Das Bundeskartellamt ist im Rahmen einer Untersuchung zahlreicher Internet-Vergleichsportale aus den Dienstleistungsbereichen Reisen, Energie, Versicherungen, Telekommunikation und Finanzen in vielen Fällen auf Mängel gestoßen.

Die Untersuchung habe den Verdacht auf Verbraucherrechtsverstöße in einigen Punkten erhärtet. Die betroffenen Unternehmen haben nun Gelegenheit, zu dem veröffentlichten Konsultationspapier Stellung zu nehmen.

Andreas Mundt, Präsident des Bundeskartellamtes: "Internet-Vergleichsportale sind ein wichtiges Werkzeug, solange sie objektive und unverfälschte Ergebnisse liefern. Viele Vergleichsinformationen sind zutreffend und seriös. Aber unsere Untersuchung offenbart auch eine Anzahl von möglichen Rechtsverstößen. Es fehlt oft an einer Aufklärung der Verbraucher darüber, wie die Reihenfolge der Suchergebnisse und die Empfehlungen der Vergleichsportale im Einzelnen zu Stande kommen. Dies kann zu Fehleinschätzungen der Verbraucher führen. So werden bei Versicherungsvergleichen zum Teil wichtige Anbieter nicht einbezogen. Anbieter von Hotelzimmern können sich Listenplätze auf Hotelplattformen erkaufen. Und mitunter deckt ein Portal weniger als 50 Prozent der im Markt befindlichen Angebote ab. Kurzum: Der Verbraucher kann sich nicht immer darauf verlassen, tatsächlich das für ihn beste Angebot auf einem Vergleichsportal zu finden."

Viele Vergleichsportale liefern seriöse Informationen, die dem Verbraucher die Bestellentscheidungen erleichtern. Allerdings gebe es nach den Erkenntnissen des Bundeskartellamtes auch Verhaltensweisen, die den Verbraucher in die Irre führen könnten:

• Häufig haben die von den Anbietern gezahlten Entgelte bzw. Provisionen Einfluss auf die vom Portal voreingestellte Ergebnisdarstellung. Dies erfolgt je nach Branche über eine Vorauswahl der berücksichtigten Angebote, über die Positionierung einzelner Angebote vor dem eigentlichen Ranking oder über die Berücksichtigung der Höhe der Zahlungen der Anbieter im Ranking selbst.

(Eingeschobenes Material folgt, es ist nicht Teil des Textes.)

(* Suppose Assumptions A and B hold. Suppose moreover that for every $(\hat x,\hat t)\in\mathcal D_{\mathrm{SDP}}$ with $\mathcal F(\hat x)$ semidefinite, $(\hat x,\hat t)$ can be written as a convex combination of finitely many points $(x_\alpha,t_\alpha)\in\mathcal D_{\mathrm{SDP}}$ with $\operatorname{affdim}(\mathcal F(x_\alpha))>\operatorname{affdim}(\mathcal F(\hat x))$ for each $\alpha$. Then $\operatorname{conv}(\mathcal D)=\mathcal D_{\mathrm{SDP}}$ and $\mathrm{Opt}=\mathrm{Opt}_{\mathrm{SDP}}$.
   Context: Fix integers $N\ge 1$, $m_I,m_E\ge 0$, $m:=m_I+m_E\ge 1$; $[a,b]=\{a,\dots,b\}$, $[n]=[1,n]$. For $i\in[0,m]$ let $q_i(x)=x^\top A_ix+2b_i^\top x+c_i$ with $A_i\in\mathbb S^N$, $b_i\in\mathbb R^N$, $c_i\in\mathbb R$. $\mathrm{Opt}:=\inf\{q_0(x): q_i(x)\le 0\ \forall i\in[m_I],\ q_i(x)=0\ \forall i\in[m_I+1,m]\}$ and $\mathcal D:=\{(x,t)\in\mathbb R^N\times\mathbb R: q_0(x)\le 2t,\ q_i(x)\le0\ \forall i\in[m_I],\ q_i(x)=0\ \forall i\in[m_I+1,m]\}$. Let $Q_i=\begin{pmatrix}c_i& b_i^\top\\ b_i& A_i\end{pmatrix}$; $\mathrm{Opt}_{\mathrm{SDP}}:=\inf\{\langle Q_0,Y\rangle: Y=\begin{pmatrix}1&x^\top\\ x& X\end{pmatrix}\succeq 0,\ X\in\mathbb S^N,\ \langle Q_i,Y\rangle\le 0\ \forall i\in[m_I],\ \langle Q_i,Y\rangle=0\ \forall i\in[m_I+1,m]\}$ and $\mathcal D_{\mathrm{SDP}}:=\{(x,t):\exists X\in\mathbb S^N$ with $Y=\begin{pmatrix}1&x^\top\\ x& X\end{pmatrix}\succeq0$, $\langle Q_0,Y\rangle\le 2t$, and the same constraints$\}$. For $\gamma\in\mathbb R^m$, $A(\gamma)=A_0+\sum\gamma_iA_i$, $q(\gamma,x)=q_0(x)+\sum\gamma_iq_i(x)$, $\Gamma:=\{\gamma: A(\gamma)\succeq0,\ \gamma_i\ge0\ \forall i\in[m_I]\}$. Assumption A: the QCQP is feasible and some $\gamma^*$ with $\gamma^*_i\ge0$ ($i\in[m_I]$) has $A(\gamma^* )\succ0$. Assumption B: for every $\hat x$, if $\sup_{\gamma\in\Gamma}q(\gamma,\hat x)$ is finite it is attained. Then $\mathcal F(\hat x):=\arg\max_{\gamma\in\Gamma}q(\gamma,\hat x)$, a nonempty face of $\Gamma$, defined whenever the supremum is finite (in particular for $(\hat x,\hat t)\in\mathcal D_{\mathrm{SDP}}$). A nonempty face is definite if it contains $\gamma$ with $A(\gamma)\succ0$, semidefinite otherwise. $\operatorname{affdim}$ denotes the dimension of the affine hull. *)

From Stdlib Require Import Reals List.
Import ListNotations.
Open Scope R_scope.

Fixpoint rsum (n : nat) (f : nat -> R) : R :=
  match n with O => 0 | S k => rsum k f + f k end.
Definition rsum1 (m : nat) (f : nat -> R) : R := rsum m (fun i => f (S i)).
Definition lsum {A : Type} (f : A -> R) (l : list A) : R :=
  fold_right (fun a acc => f a + acc) 0 l.

(* vectors / matrices: only indices below the dimension are meaningful *)
Definition vec := nat -> R.
Definition mat := nat -> nat -> R.

Definition quadf (n : nat) (M : mat) (v : vec) : R :=
  rsum n (fun i => rsum n (fun j => v i * M i j * v j)).
Definition symm (n : nat) (M : mat) : Prop :=
  forall i j, (i < n)%nat -> (j < n)%nat -> M i j = M j i.
Definition psd (n : nat) (M : mat) : Prop :=
  symm n M /\ forall v : vec, 0 <= quadf n M v.
Definition pd (n : nat) (M : mat) : Prop :=
  symm n M /\ forall v : vec, (exists i, (i < n)%nat /\ v i <> 0) -> 0 < quadf n M v.
Definition frob (n : nat) (M Y : mat) : R :=
  rsum n (fun r => rsum n (fun s => M r s * Y r s)).

(* QCQP data: q_i(x) = x^T A_i x + 2 b_i^T x + c_i, i in [0, mI+mE] *)
Record qcqp := Qcqp {
  dimN : nat; mI : nat; mE : nat;
  Am : nat -> mat; bv : nat -> vec; cs : nat -> R }.

Section Q.
Variable P : qcqp.
Let N := dimN P.
Definition mm : nat := (mI P + mE P)%nat.

Definition qf (i : nat) (x : vec) : R :=
  quadf N (Am P i) x + 2 * rsum N (fun j => bv P i j * x j) + cs P i.

Definition feasible (x : vec) : Prop :=
  (forall i, (1 <= i <= mI P)%nat -> qf i x <= 0) /\
  (forall i, (mI P + 1 <= i <= mm)%nat -> qf i x = 0).

Definition inD (x : vec) (t : R) : Prop := qf 0 x <= 2 * t /\ feasible x.

Definition Qmat (i : nat) : mat := fun r s =>
  match r, s with
  | O, O => cs P i
  | O, S l => bv P i l
  | S k, O => bv P i k
  | S k, S l => Am P i k l
  end.
Definition Ymat (x : vec) (X : mat) : mat := fun r s =>
  match r, s with
  | O, O => 1
  | O, S l => x l
  | S k, O => x k
  | S k, S l => X k l
  end.

Definition sdp_feasible (x : vec) (X : mat) : Prop :=
  symm N X /\ psd (N + 1) (Ymat x X) /\
  (forall i, (1 <= i <= mI P)%nat -> frob (N + 1) (Qmat i) (Ymat x X) <= 0) /\
  (forall i, (mI P + 1 <= i <= mm)%nat -> frob (N + 1) (Qmat i) (Ymat x X) = 0).

Definition inDSDP (x : vec) (t : R) : Prop :=
  exists X : mat, sdp_feasible x X /\ frob (N + 1) (Qmat 0) (Ymat x X) <= 2 * t.

(* objective value sets whose infima are Opt and Opt_SDP *)
Definition OptSet (s : R) : Prop := exists x, feasible x /\ s = qf 0 x.
Definition SDPSet (s : R) : Prop :=
  exists x X, sdp_feasible x X /\ s = frob (N + 1) (Qmat 0) (Ymat x X).

(* Lagrangian side; gamma : nat -> R, only indices in [1,m] matter *)
Definition Amat (g : vec) : mat := fun r s =>
  Am P 0 r s + rsum1 mm (fun i => g i * Am P i r s).
Definition inGamma (g : vec) : Prop :=
  psd N (Amat g) /\ forall i, (1 <= i <= mI P)%nat -> 0 <= g i.
Definition qg (g : vec) (x : vec) : R := qf 0 x + rsum1 mm (fun i => g i * qf i x).

Definition inF (x : vec) (g : vec) : Prop :=
  inGamma g /\ forall g', inGamma g' -> qg g' x <= qg g x.

Definition AssumptionA : Prop :=
  (exists x, feasible x) /\
  (exists g, (forall i, (1 <= i <= mI P)%nat -> 0 <= g i) /\ pd N (Amat g)).

Definition AssumptionB : Prop :=
  forall xh : vec, (exists M, forall g, inGamma g -> qg g xh <= M) ->
    exists g, inF xh g.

• Vergleichsportale haben in einigen Branchen eine geringe Marktabdeckung und stellen teilweise nur eine Auswahl von weniger als 50% der insgesamt im Markt existierenden Angebote dar.

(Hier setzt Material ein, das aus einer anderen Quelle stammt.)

(* Let $X_1,X_2,\dots$ be i.i.d. exponential random variables with mean $1$ and $\lambda_1,\lambda_2,\dots$ positive reals. Then for any $t\ge0$ and integers $k>m\ge0$, $$\mathbb{P}\Big(\sum_{i=1}^kX_i/\lambda_i\le t,\ \sum_{i=1}^mX_i/\lambda_i+\sum_{i=k+1}^{2k-m}X_i/\lambda_i\le t\Big)\le\frac{(et)^{2k-m}}{(k-m)^{2k-2m}m^m}\prod_{i=1}^{2k-m}\lambda_i.$$
   Context: The convention $0^0=1$ is used when $m=0$. *)

From HB Require Import structures.
From mathcomp Require Import all_boot all_order all_algebra.
From mathcomp Require Import all_classical all_reals all_analysis.
Set Implicit Arguments. Unset Strict Implicit. Unset Printing Implicit Defensive.
Import Order.TTheory GRing.Theory Num.Theory.
Local Open Scope classical_set_scope.
Local Open Scope ring_scope.

Definition mutually_independent {d} {T : measurableType d} {R : realType}
  (P : probability T R) (X : nat -> {RV P >-> R}) : Prop :=
  forall (s : seq nat) (B : nat -> set R),
    uniq s -> (forall i, measurable (B i)) ->
    P (\bigcap_(i in [set j | j \in s]) (X i @^-1` B i)) =
    (\prod_(i <- s) P (X i @^-1` B i))%E.

Definition exp_mean1 {d} {T : measurableType d} {R : realType}
  (P : probability T R) (X : {RV P >-> R}) : Prop :=
  forall A : set R, measurable A -> distribution P X A = exponential_prob 1 A.
Arguments mutually_independent {d T R} P X.
Arguments exp_mean1 {d T R} P X.

(* With n = 2k - m, put a_i = lam_i t / m for i < m and a_i = lam_i t / (k - m)
   for m <= i < n.  On the event, every partial sum of the X_i / lam_i involved
   is at most t, so sum_(i<n) X_i / a_i <= m + 2(k - m) = n.  For independent
   standard exponentials, P(sum X_i / a_i <= s) <= e^s prod a_i: this is the
   Chernoff bound e^s E[exp(-sum X_i / a_i)] = e^s prod a_i / (1 + a_i).  Since
   independence is only available as a product rule for events, the expectation
   is computed on a grid: the orthant is cut into boxes of side delta a_i, each
   box has product probability, and the resulting geometric sums are bounded by
   a_i.  With s = n this is the stated bound; t = 0 follows by letting t -> 0. *)

From HB Require Import structures.
From mathcomp Require Import all_boot all_order all_algebra.
From mathcomp Require Import all_classical all_reals all_analysis.
From mathcomp Require Import ring lra zify.

Set Implicit Arguments.
Unset Strict Implicit.
Unset Printing Implicit Defensive.

Import Order.TTheory GRing.Theory Num.Theory.
Import numFieldTopology.Exports.
Local Open Scope classical_set_scope.
Local Open Scope ring_scope.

• Viele Vergleichsportale setzen Hinweise auf angeblich begrenzte Verfügbarkeiten, praktisch kaum realisierte Vorteile oder vermeintliche Exklusivangebote ein.

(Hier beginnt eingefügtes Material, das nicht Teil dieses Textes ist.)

Lemma exists_pos_ndiv n x : ~ n_divisible n x ->
  exists2 y : G, 0 < y & ~ n_divisible n y.
Proof.
move=> xn; case: (oag_ltgtP x 0) => [x_lt0|x0|x_gt0]; last by exists x.
- exists (- x); first by rewrite -oppr0 oag_ltrN2.
  by case=> y ey; apply: xn; exists (- y); rewrite mulNrn -ey opprK.
- by case: xn; exists 0; rewrite x0 mul0rn.
Qed.

Definition nmul_floor (n : nat) : Prop :=
  forall th : G, 0 <= th -> exists a : G, [/\ 0 <= a, a *+ n <= th &
    forall b : G, 0 <= b -> b *+ n <= th -> b *+ n <= a *+ n].

Lemma nmul_floor_ltrD n th a d : (0 < n)%N -> 0 <= a -> 0 < d ->
  (forall b : G, 0 <= b -> b *+ n <= th -> b *+ n <= a *+ n) ->
  th < (a + d) *+ n.
Proof.
move=> n_gt0 a_ge0 d_gt0 a_max.
have ad_ge0 : 0 <= a + d by rewrite -[0]addr0; exact: oag_lerD a_ge0 (ltW d_gt0).
rewrite oag_ltNge; apply/negP => /(a_max _ ad_ge0).
rewrite mulrnDl; apply/negP; rewrite -oag_ltNge.
by rewrite -{1}[a *+ n]addr0; apply/oag_ltrD2l/oag_mulrn_gt0.
Qed.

• Zahlreiche Portale erstellen keinen eigenständigen Vergleich, sondern greifen lediglich auf die Datensätze und/oder Tarifrechner anderer Portale zu.

Die Verbraucher würden über diese Praktiken der Vergleichsportale häufig nicht angemessen informiert. Soweit dies der Fall sei, könne eine unzulässige Irreführung bzw. eine verdeckte Werbung und damit ein Verstoß gegen die verbraucherrechtlichen Vorgaben des Gesetzes gegen unlauteren Wettbewerb (UWG) vorliegen.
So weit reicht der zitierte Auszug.